# `Flip This House' star accused of fraud



## SPCarpentry (Feb 12, 2007)

Maybe the 2 brothers and their wives from TX will be next! Have you ever watched how they do business or even worse the work they have done before going to market? I could see a couple more of these boneheads getting the plug pulled.


----------



## stacker (Jan 31, 2006)

mikesewell said:


> .
> 
> Lucky for me I just won $8,000,000 from the Nigerian lottery so I don't have to worry about it anyway...

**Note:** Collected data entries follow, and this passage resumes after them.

(* Suppose $f\colon[0,\infty)\to[0,\infty)$ satisfies (M), (S) and (L). For $k>0$ set $g(\sigma)=F^{-1}(\sigma^k)$ for $\sigma\in(0,F_0^{1/k})$. Then there exists $\sigma_*>0$ such that $g$ is convex on $(0,\sigma_* )$.
   Context: (M) $f$ continuous, nondecreasing, $f(u)>0$ for $u>0$. (S) there is $\tau_0>0$ with $f\in C^1([\tau_0,\infty))$ and $\int_{\tau_0}^\infty ds/f(s)<\infty$. $F(u)=\int_u^\infty ds/f(s)$ for $u>0$, $F_0=\lim_{u\to0}F(u)$ (possibly $\infty$); $F^{-1}\colon(0,F_0)\to(0,\infty)$ is the inverse of $F$. (L) $q_f:=\lim_{u\to\infty}f'(u)F(u)$ exists and is finite. *)

From Stdlib Require Import Reals Lra.
From Coquelicot Require Import Coquelicot.
Open Scope R_scope.

Definition Fint (f : R -> R) (u : R) : R :=
  RInt_gen (fun s => / f s) (at_point u) (Rbar_locally p_infty).

Definition convex_on_oo (g : R -> R) (a b : R) : Prop :=
  forall x y t, a < x < b -> a < y < b -> 0 <= t <= 1 ->
    g (t * x + (1 - t) * y) <= t * g x + (1 - t) * g y.

From Stdlib Require Import Reals Lra.
From Coquelicot Require Import Coquelicot.
Open Scope R_scope.

(* Near [sigma = 0], [g] is the inverse of the decreasing function [phi = F^(1/k)]
   near [+oo].  There [phi' = - F^(1/k - 1) / (k f)], and [ln (- k phi')] has
   derivative [(1 - 1/k - f' F) / (f F)].  This is eventually negative because
   [f' F -> q >= 1]: if [q < 1], then [(f F)' = f' F - 1] would eventually stay
   below a negative constant, forcing [f F < 0].  Hence [phi'] is eventually
   nondecreasing, [phi] is convex and decreasing there, and the inverse of a
   decreasing convex function is convex. *)

Lemma convex_on_oo_of_chords (g : R -> R) (a b : R) :
  (forall x z y, a < x -> x < z -> z < y -> y < b ->
     (g z - g x) * (y - z) <= (g y - g z) * (z - x)) ->
  convex_on_oo g a b.
Proof.
  intros Hchord.
  assert (Hordered : forall x y t, a < x < b -> a < y < b -> 0 <= t <= 1 -> x < y ->
    g (t * x + (1 - t) * y) <= t * g x + (1 - t) * g y).
  { intros x y t Hx Hy Ht Hxy.
    destruct (Req_dec t 0) as [->|Ht0].
    { replace (0 * x + (1 - 0) * y) with y by ring. lra. }
    destruct (Req_dec t 1) as [->|Ht1].
    { replace (1 * x + (1 - 1) * y) with x by ring. lra. }
    set (z := t * x + (1 - t) * y).
    assert (Hyz : y - z = t * (y - x)) by (unfold z; ring).
    assert (Hzx : z - x = (1 - t) * (y - x)) by (unfold z; ring).
    assert (Hc := Hchord x z y ltac:(lra) ltac:(nra) ltac:(nra) ltac:(lra)).
    rewrite Hyz, Hzx in Hc.
    apply Rmult_le_reg_r with (y - x); nra. }
  intros x y t Hx Hy Ht.
  destruct (Rtotal_order x y) as [Hxy|[<-|Hxy]].
  - now apply Hordered.
  - replace (t * x + (1 - t) * x) with x by ring. lra.
  - replace (t * x + (1 - t) * y) with ((1 - t) * y + (1 - (1 - t)) * x) by ring.
    replace (t * g x + (1 - t) * g y) with ((1 - t) * g y + (1 - (1 - t)) * g x) by ring.
    apply Hordered; auto; lra.
Qed.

WOW!YOU TOO!BUT BILL GATES IS SENDING ME A DOLLAR FOR EVERY EMAIL I FORWARD.:blink:


----------



## Bummie (May 11, 2007)

SPCarpentry said:


> Maybe the 2 brothers and their wives from TX will be next! Have you ever watched how they do business or even worse the work they have done before going to market? I could see a couple more of these boneheads getting the plug pulled.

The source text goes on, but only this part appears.